Where performance matters more is in our back end database servers. We run a combination of MS SQL and MySQL, and our DB workloads are particularly IO intensive. In the old environment we had around a dozen mechanical drives in various RAID configurations powering all of the databases that ran the site. To put performance in perspective, I grabbed our old Forum Database server and took a look at the external SAS RAID array we had created. Until last year, the Forums were powered by a combination of 6 x Seagate Barracuda ES.2s and 4 x Seagate Cheetah 10K.7s. 

For the new Forums DB we moved to 6 x 64GB Intel X25-Es. Again, old by modern standards, but a huge leap above what we had before. To put the performance gains in perspective I ran some of our enterprise IO benchmarks on the old array and the new array to compare. We split the DB workload across the Barracuda ES.2 array (6 drive RAID-10) and the Cheetah array (4 drive RAID-5), however to keep things simple I just created a 4-drive RAID-0 using the Cheetahs which should give us more than a good indication of peak performance of the old hardware:

AnandTech Forums DB IO Performance Comparison - 2013 vs 2007
  MS SQL - Update Daily Stats MS SQL - Weekly Stats Maintenance Oracle Swingbench
Old Forums DB Array (4 x 10K RPM  RAID-0) 146.1 MB/s 162.9 MB/s 2.8 MB/s
New Forums DB Array (6 x X25-E RAID-10) 394.4 MB/s 450.5 MB/s 55.8 MB/s
Performance Increase 2.7x 2.77x 19.9x

The two SQL tests are actually from our own environment, so the performance gains are quite applicable. The advantage here is only around 2.7x. In reality the gains can be even greater, but we don't have good traces of our live DB load - just some of our most IO intensive tasks on the DB servers. The final benchmark however does give us some indication of what a more random enterprise workload can enjoy with a move to SSDs from a hard drive array. Here the performance of our new array is nearly 20x the old HDD array.
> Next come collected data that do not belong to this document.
Definition absR (R : realType) (x : R) : R := `|x|.
Definition absC (R : realType) (z : complex.complex R) : R :=
  Num.sqrt (complex.Re z ^+ 2 + complex.Im z ^+ 2).

Definition mx01 {F : pzRingType} (n : nat) (t : nat -> nat -> bool) : 'M[F]_n :=
  \matrix_(i, j) (t i j)%:R.

(* [[1,1,0,0],[0,1,1,0],[0,0,1,1],[0,0,1,0]] *)
Definition tA (i j : nat) : bool :=
  [|| (i == 0) && ((j == 0) || (j == 1)),
      (i == 1) && ((j == 1) || (j == 2)),
      (i == 2) && ((j == 2) || (j == 3)) |
      (i == 3) && (j == 2)].
(* [[1,1,0,0],[0,1,1,0],[0,0,1,1],[0,0,0,1]] *)
Definition tB (i j : nat) : bool :=
  [|| (i == 0) && ((j == 0) || (j == 1)),
      (i == 1) && ((j == 1) || (j == 2)),
      (i == 2) && ((j == 2) || (j == 3)) |
      (i == 3) && (j == 3)].

From HB Require Import structures.
From mathcomp Require Import all_boot all_order all_algebra.
From mathcomp Require Import boolp classical_sets reals.
From mathcomp Require complex.
From mathcomp Require Import ring lra.
Import complex.ComplexField.
Import Order.TTheory GRing.Theory Num.Theory.
Set Implicit Arguments. Unset Strict Implicit. Unset Printing Implicit Defensive.
Local Open Scope ring_scope.
Local Open Scope classical_set_scope.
Note that there's another simplification that comes along with our move to SSDs: we rely completely on Intel's software RAID. There are no third party RAID controllers, no extra firmware/drivers to manage and validate, and there's no external chassis needed to get more spindles. We went from a 4U HP DL585 server with a 2U Promise Vtrak J310s chassis and 10 hard drives, down to a 2U server with 6 SSDs - and came out ahead in the performance department. Later this week I'll talk about power savings, which ended up being a much bigger deal.

This is just the tip of the iceberg. In our specific configuration we went from old hard drives to old SSDs. With even greater demands you could easily go to truly modern enterprise SSDs or even PCIe based solutions. Using a combination of consumer and enterprise drives isn't a bad idea if you want to transition to an all-SSD architecture. Deploying reliable consumer drives in place of lightly used hard drives is a way to cut down the number of moving parts in your network, while moving to higher performing/higher endurance enterprise SSDs can deliver significant performance benefits as well.

POST A COMMENT

57 Comments

View All Comments

  • canthearu - Wednesday, March 13, 2013 - link

    You are entirely wrong with your approach to hard drives.
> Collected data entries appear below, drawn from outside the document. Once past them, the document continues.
(** The reflected direction, measured at side [j], is the incoming direction rotated
    by the oriented angle between the sides. *)
Lemma reflect_dirv_cos_sin i j th th' : (i < d)%nat -> (j < d)%nat ->
  reflect d V j (dirv d V i th) = dirv d V j th' ->
  cos th' = - dot (e_dir d V i) (e_dir d V j) * cos th
            + cross (e_dir d V i) (e_dir d V j) * sin th /\
  sin th' = cross (e_dir d V i) (e_dir d V j) * cos th
            + dot (e_dir d V i) (e_dir d V j) * sin th.
Proof.
  intros Hi Hj Href. split.
  - rewrite <- (dot_dirv_n_in j th' Hj), <- Href, (dot_reflect_n_in j _ Hj).
    unfold dirv, n_in, dot, cross, vadd, vscale. cbn [fst snd]. ring.
  - rewrite <- (dot_dirv_e_dir j th' Hj), <- Href, dot_reflect_e_dir.
    unfold dirv, n_in, dot, cross, vadd, vscale. cbn [fst snd]. ring.
Qed.

Lemma side_angle_bound i j : 0 <= side_angle d V i j <= 2 * PI.
Proof.
  unfold side_angle. pose proof PI_RGT_0.
  destruct (Rle_dec _ _); pose proof (acos_bound (dot (e_dir d V i) (e_dir d V j))); lra.
Qed.

Lemma cos_sin_side_angle i j : (i < d)%nat -> (j < d)%nat ->
  cos (side_angle d V i j) = dot (e_dir d V i) (e_dir d V j) /\
  sin (side_angle d V i j) = cross (e_dir d V i) (e_dir d V j).
Proof.
  intros Hi Hj. pose proof (e_dir_unit i Hi) as Ui. pose proof (e_dir_unit j Hj) as Uj.
  unfold side_angle. unfold dot, cross in *.
  destruct (e_dir d V i) as [a b], (e_dir d V j) as [p r]. cbn [fst snd] in *.
  set (c := a * p + b * r). set (sn := a * r - b * p).
  assert (Hlagrange : c * c + sn * sn = 1).
  { transitivity ((a * a + b * b) * (p * p + r * r)); [unfold c, sn; ring|].
    rewrite Ui, Uj. ring. }
  assert (Hc : -1 <= c <= 1) by nra.
  assert (Hsqrt : sqrt (1 - c²) = Rabs sn).
  { replace (1 - c²) with (sn * sn) by (unfold Rsqr; lra). apply sqrt_Rsqr_abs. }
  destruct (Rle_dec 0 sn) as [Hs|Hs].
  - rewrite cos_acos, sin_acos, Hsqrt, Rabs_right by lra. auto.
  - rewrite cos_minus, sin_minus, cos_2PI, sin_2PI, cos_acos, sin_acos, Hsqrt,
      Rabs_left by lra.
    split; ring.
Qed.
    In the world of IT, you start having any trouble with any hard drive or SSD, you pull it and replace it right away, and you either rebuild the array, or you restore from backups.

    The cost in time, and the risk of failure, means that you generally don't attempt to restore a hard drive to working condition, or recover data from a storage device, as anything except a very last resort. If you are forced into doing this, it also means your IT procedures and policies have failed.
    Reply
  • nexox - Wednesday, March 13, 2013 - link

    With well-tested SSDs, running validated firmware, in a proper environment, you're going to see very, very few unexpected failures. Most surprise SSD failures are caused by firmware bugs that are generally tickled by low-quality disk controllers and/or unexpected power loss. If you have high-quality SAS controllers (not necessarily a hardware RAID adapter) and you run plenty of power failure tests against a drive, you can be fairly sure it will last you quite a long time in production.

    And physical durability is actually important - high-density servers that run many spinning drives typically have vibration issues that can significantly shorten drive life span. SSDs are unaffected by vibration, and they don't cause more vibration that can affect any other spinning disks that you may have in your chassis / rack.
    Reply
  • Michael McNamara - Wednesday, March 13, 2013 - link

    Those performance numbers are very impressive... how are you backing up all that data? I'm guessing you have a disk to disk solution.

    Cheers!
    Reply
  • Hrel - Wednesday, March 13, 2013 - link

    You talk about going to SSD's but what about storage space? You said you use 6 SSD's but even that's not much space. What do you to store data? SSD's still aren't any good for that. Reply
  • brshoemak - Wednesday, March 13, 2013 - link

    The previous article that detailed the new hardware indicated that the image hosting duties, were being shifted to a cloud computing company. Images and multimedia usually account for a sizable chunk of a website. The remaining content would not take up THAT much space by comparison.

    I would be interested to know how much data makes up the main site versus the amount of data for the forums.
    Reply
  • andrewbuchanan - Wednesday, March 13, 2013 - link

    Did you choose asp.net because of ease of development, output caching, something else? How do you find Windows vs Linux from a reliability standpoint?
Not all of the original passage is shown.